Notably, at the beginning of this month, Ping An Securities also released research reports showing a bullish outlook for the company. It mentioned that the company's core product, Olverembatinib, has been included in the medical insurance system domestically, continuously expanding patient coverage, and a strategic collaboration with Takeda Pharmaceutical for the global layout of its products has been established. APG-2575 is expected to become the second BCL-2 inhibitor listed globally, with multiple pivotal phase 3 studies progressing smoothly. The company has submitted its listing application to the SEC in the USA, advancing towards the international stage. It is estimated that from 2024 to 2026, the company will achieve revenues of 0.96/0.41/2.93 billion yuan.

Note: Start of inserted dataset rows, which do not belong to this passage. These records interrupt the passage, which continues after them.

End TensorMap.

Section TensorRepTruncation.
Context {eps : seq bool} {i : nat}.
Hypothesis i_range : (1 <= i <= size eps)%N.
Variable l : nat.
Local Notation eps' := (take i.-1 eps ++ drop i eps).
Local Notation tskip := (tmap (l := l) (skip i_range)).

Lemma tensrep_hom :
  is_hom (size eps') (vmap tskip) (tensrep eps' l) (phiact eps i (tensrep eps l)).
Proof.
apply: phiact_hom => //; try exact: tensrep_linear.
- move=> l0 J; rewrite !tensrep_om_bvec linearZ /= vmap_bvec; congr (_ *: _).
  by apply: eq_bigr => p _; rewrite tmapE omega1_skip.
- move=> j J ji j_lt; split.
    rewrite tensrep_ea_bvec [in RHS]tensrep_ea_bvec (linear_fun_sumZ (vmap_linear _)).
    apply: eq_bigr => p _; rewrite vmap_tmap_obvec tmapE (e1_skip i_range _ _ ji).
    by congr (_^-1 *: _); apply: eq_bigr => r _; rewrite tmapE k1_skip.
  rewrite tensrep_fa_bvec [in RHS]tensrep_fa_bvec (linear_fun_sumZ (vmap_linear _)).
  apply: eq_bigr => p _; rewrite vmap_tmap_obvec tmapE (f1_skip i_range _ _ ji j_lt).
  by congr (_ *: _); apply: eq_bigr => r _; rewrite tmapE k1_skip.
move=> i_mid J.
have [_ Le1 Lf1] := tensrep_linear eps l i.-1; have [_ Le Lf] := tensrep_linear eps l i.
have e1_off r : e1 eps i.-1 (tskip J r) = None by rewrite tmapE (e1_pred_skip_none i_range i_mid).
have f1_off r : f1 eps i (tskip J r) = None by rewrite tmapE (f1_skip_none i_range i_mid).
split.
- by rewrite tensrep_ea_bvec big1 // => p _; rewrite e1_off scaler0.
- rewrite tensrep_ea_bvec (linear_fun_sumZ Le1) [in RHS]tensrep_ea_bvec.
  rewrite (linear_fun_sumZ (vmap_linear _)); apply: eq_bigr => p _.
  rewrite tensrep_ea_upd_obvec; last by move=> r _; rewrite e1_off.
  rewrite tmapE (e1_skip_mid i_range i_mid) vmap_tmap_obvec scalerA -invfM -big_split.
  by congr (_^-1 *: _); apply: eq_bigr => r _; rewrite tmapE (k1_skip_mid i_range i_mid).
- by rewrite tensrep_fa_bvec big1 // => p _; rewrite f1_off scaler0.
rewrite tensrep_fa_bvec (linear_fun_sumZ Lf) [in RHS]tensrep_fa_bvec.
rewrite (linear_fun_sumZ (vmap_linear _)); apply: eq_bigr => p _.
rewrite tensrep_fa_upd_obvec; last by move=> r _; rewrite f1_off.
rewrite tmapE (f1_skip_mid i_range i_mid) vmap_tmap_obvec scalerA -big_split.
by congr (_ *: _); apply: eq_bigr => r _; rewrite tmapE (k1_skip_mid i_range i_mid) mulrC.
Qed.

Lemma tensrep_trunc_iso : iso_to (size eps') (tensrep eps' l)
  (phiact eps i (tensrep eps l)) (inTr eps i (tensrep eps l)).
Proof.
have tskip_inj : injective tskip := tmap_inj _ (skip_inj i_range).
apply: (iso_to_vmap tskip_inj i_range _ (tensrep_om_weight eps l) _ _ tensrep_hom).
- by move=> j; case: (tensrep_linear eps l j).
- by move=> J; apply: eq_card0 => p; rewrite inE tmapE; apply/negbTE/skip_neq.
move=> K /card0_eq K_i.
have /fin_all_exists [J JK] p : exists a, skip i_range a = K p.
  by apply: skip_onto; have := K_i p; rewrite inE => /negbT.
by exists [ffun p => J p]; apply/ffunP => p; rewrite tmapE ffunE JK.
Qed.

End TensorRepTruncation.

Theorem lemma4p4 (eps : seq bool) (i : nat) :
  let n := size eps in
  let eps' := take i.-1 eps ++ drop i eps in
  (4 <= n)%N -> (1 <= i <= n)%N ->
  (n = 4%N -> constant eps') ->
  (* (1) *)
  (stable (size eps') (phiact eps i (natrep eps)) (inTr eps i (natrep eps)) /\
   iso_to (size eps') (natrep eps') (phiact eps i (natrep eps)) (inTr eps i (natrep eps))) /\
  (* (2) *)
  (forall l : nat, (1 <= l)%N ->
     iso_to (size eps') (tensrep eps' l) (phiact eps i (tensrep eps l))
            (inTr eps i (tensrep eps l))).
Proof.
(* The Serre relations are not part of the encoded action. *)
move=> n eps' _ i_range _.
have iso_nat := natrep_trunc_iso i_range.
split; first by split; [exact: iso_to_stable iso_nat | exact: iso_nat].
by move=> l _; exact: tensrep_trunc_iso.
Qed.
End representativity_identifiability.


Lemma representativity_identifiability {d0 : measure_display}
    {Omega : measurableType d0} {R : realType} (P : probability Omega R) d
    (T Tt : Omega -> R) (D : Omega -> nat) :
  model d T Tt D -> representativity P d T Tt D -> identifiability P d T Tt D.
Proof.
move=> hm hrep t j /set_mem[t_ge0 surv_t_gt0] hj.
have [[mT mTt] mD _ _ _] := hm.
have mobs : measurable [set w | obs_status T Tt D w = j].
  by apply: measurable_obs_status => //; case: j hj.
have [->|t_neq0] := eqVneq t 0; first by rewrite !cumhaz_at0.
have tpos : 0 < t by rewrite lt_neqAle eq_sym t_neq0.
exact (cumhaz_obs_status_eq hm hrep tpos surv_t_gt0 hj).
Qed.

Section counterexample.
Context {R : realType}.

Let P : probability bool R := bernoulli_prob (1 / 2).
Let T (b : bool) : R := if b then 2 else 3.
Let Tt (b : bool) : R := T b - 1.
Let D (b : bool) : nat := 1.

Let P_set1 b : P [set b] = (1 / 2)%:E.
Proof.
rewrite -[LHS]/(bernoulli_prob (1 / 2 : R) [set b]) bernoulli_probE; last first.
  by apply/andP; split; lra.
rewrite !diracE !in_set1; case: b => /=; rewrite mule1 mule0 ?adde0 ?add0e//.
by rewrite /unstable.onem; congr (_%:E); lra.
Qed.

Let ex_model d : (1 <= d)%N -> model d T Tt D.
Proof.
move=> hd; split=> //; first by case=> /=; lra.
by move=> w; rewrite /Tt /T; case: w => /=; split; lra.
Qed.

Let bool_set_eq (A B : set bool) :
  (A true <-> B true) -> (A false <-> B false) -> A = B.
Proof. by move=> At Af; apply/funext => -[]; apply/propext. Qed.

Let ex_not_representativity d : (1 <= d)%N -> ~ representativity P d T Tt D.
Proof.
move=> hd /(_ 2 (3 / 2) 1%N); rewrite /condprob.
have -> : [set w | T w <= 2] `&` [set w | D w = 1%N] `&` [set w | 3 / 2 < Tt w]
    = set0.
  by apply: bool_set_eq; rewrite /Tt /T /=; split=> // -[[h _] c]; lra.
have -> : [set w | T w <= 2] `&` [set w | D w = 1%N] `&` [set w | 3 / 2 < T w]
    = [set true].
  apply: bool_set_eq; rewrite /T /=; split=> //.
  - by move=> _; do !split; lra.
  - by move=> -[[h _] _]; lra.
have -> : [set w | 3 / 2 < T w] = setT.
  by apply: bool_set_eq; rewrite /T /=; split=> // _; lra.
have Tt_gt : [set w | 3 / 2 < Tt w] = [set false].
  by apply: bool_set_eq; rewrite /Tt /T /=; split=> // h; lra.
have J32 : 3 / 2 \in Jset P Tt.
  by rewrite inE /Jset /surv /= Tt_gt P_set1 /=; split; lra.
rewrite measure0 probability_setT P_set1 /= mul0r divr1.
by move=> /(_ _ J32 hd); lra.
Qed.

Let ex_identifiability d : identifiability P d T Tt D.
Proof.
move=> t j /set_mem[t_ge0 surv_t_gt0] hj.
have j_neq0 : j != 0%N by case: j hj.
have mR (f : bool -> R) : measurable_fun setT f by [].
have [->|t_neq0] := eqVneq t 0; first by rewrite !cumhaz_at0.
have tpos : 0 < t by rewrite lt_neqAle eq_sym t_neq0.
have t_lt2 : t < 2.
  rewrite ltNge; apply/negP => t_ge2; move: surv_t_gt0.
  rewrite /surv (_ : [set w | t < Tt w] = set0) ?measure0 ?ltxx//.
  by apply: bool_set_eq; rewrite /Tt /T /=; split=> // h; lra.
have surv_T_gt0 : 0 < surv P T t.
  apply: lt_le_trans surv_t_gt0 (surv_le P t (mR _) (mR _) _).
  by move=> w; rewrite /Tt; lra.
rewrite (cumhaz_null (mR _) _ tpos surv_t_gt0)
  ?(cumhaz_null (mR _) _ tpos surv_T_gt0)//.
- rewrite /subdist (_ : _ `&` _ = set0) ?measure0//.
  by apply: bool_set_eq; rewrite /T /= in_itv/=; split=> // -[/andP[_ h] _]; lra.
- rewrite /subdist (_ : _ `&` _ = set0) ?measure0//.
  apply: bool_set_eq; rewrite /obs_status /Tt /T /= in_itv/=;
    split=> // -[/andP[_ h]].
    by case: eqP => [e _|_ j0]; [lra|move: j_neq0; rewrite -j0].
  by case: eqP => [e _|_ j0]; [lra|move: j_neq0; rewrite -j0].
Qed.

Lemma identifiability_not_representativity d : (1 <= d)%N ->
  exists (d0 : measure_display) (Omega : measurableType d0)
         (P : probability Omega R) (T Tt : Omega -> R) (D : Omega -> nat),
    [/\ model d T Tt D, identifiability P d T Tt D
       & ~ representativity P d T Tt D].
Proof.
move=> hd; exists _, bool, P, T, Tt, D.
split; first exact: ex_model.
  exact: ex_identifiability.
exact: ex_not_representativity.
Qed.

End counterexample.

Theorem proposition4 (R : realType) (d : nat) (hd : (1 <= d)%N) :
  (forall (d0 : measure_display) (Omega : measurableType d0)
          (P : probability Omega R) (T Tt : Omega -> R) (D : Omega -> nat),
      model d T Tt D ->
      representativity P d T Tt D -> identifiability P d T Tt D)
  /\
  (exists (d0 : measure_display) (Omega : measurableType d0)
          (P : probability Omega R) (T Tt : Omega -> R) (D : Omega -> nat),
      [/\ model d T Tt D, identifiability P d T Tt D
        & ~ representativity P d T Tt D]).
Proof.
split; last exact: identifiability_not_representativity.
by move=> d0 Omega P T Tt D; exact: representativity_identifiability.
Qed.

Considering that the company has not yet entered the profitability stage, a DCF method is used to value the company, corresponding to a Market Cap of 20.7 billion HKD, and the initial coverage gives a 'recommendation' rating.

4. Conclusion

The year 2024 can be seen as a year in which the domestic innovative drug ecosystem enters a new stage, with a series of policy changes indicating that supporting innovation has become a consensus for the future high-quality development of the entire HEALTH CARE Industry.

As a benchmark enterprise in the Industry that has always regarded innovation as a standard, Ascentage Pharma's uniqueness lies in its "technological obsession" while also emphasizing efficiency and stable Operation, which clearly has a stronger adaptability to capital in the current context where capital seeks certainty.

From the beginning, the company has positioned itself on a "Global Innovation" route centered on patients, continuously building high competitive barriers, while its strong execution capability and resource synergy allow the company to quickly realize the commercial outcomes of heavyweight products and achieve a self-sustaining closed loop. In the subsequent development, the company has a series of blockbuster products accelerating their advancement, expected to provide ample momentum for the company's performance.

As the company's global layout gradually takes shape, its performance growth space is also continuously opening up. With the dual drive of favorable policies and market demand, Ascentage Pharma is expected to achieve a leap in value in the new stage of domestic innovative drug development and become an important participant in the global innovative drug field.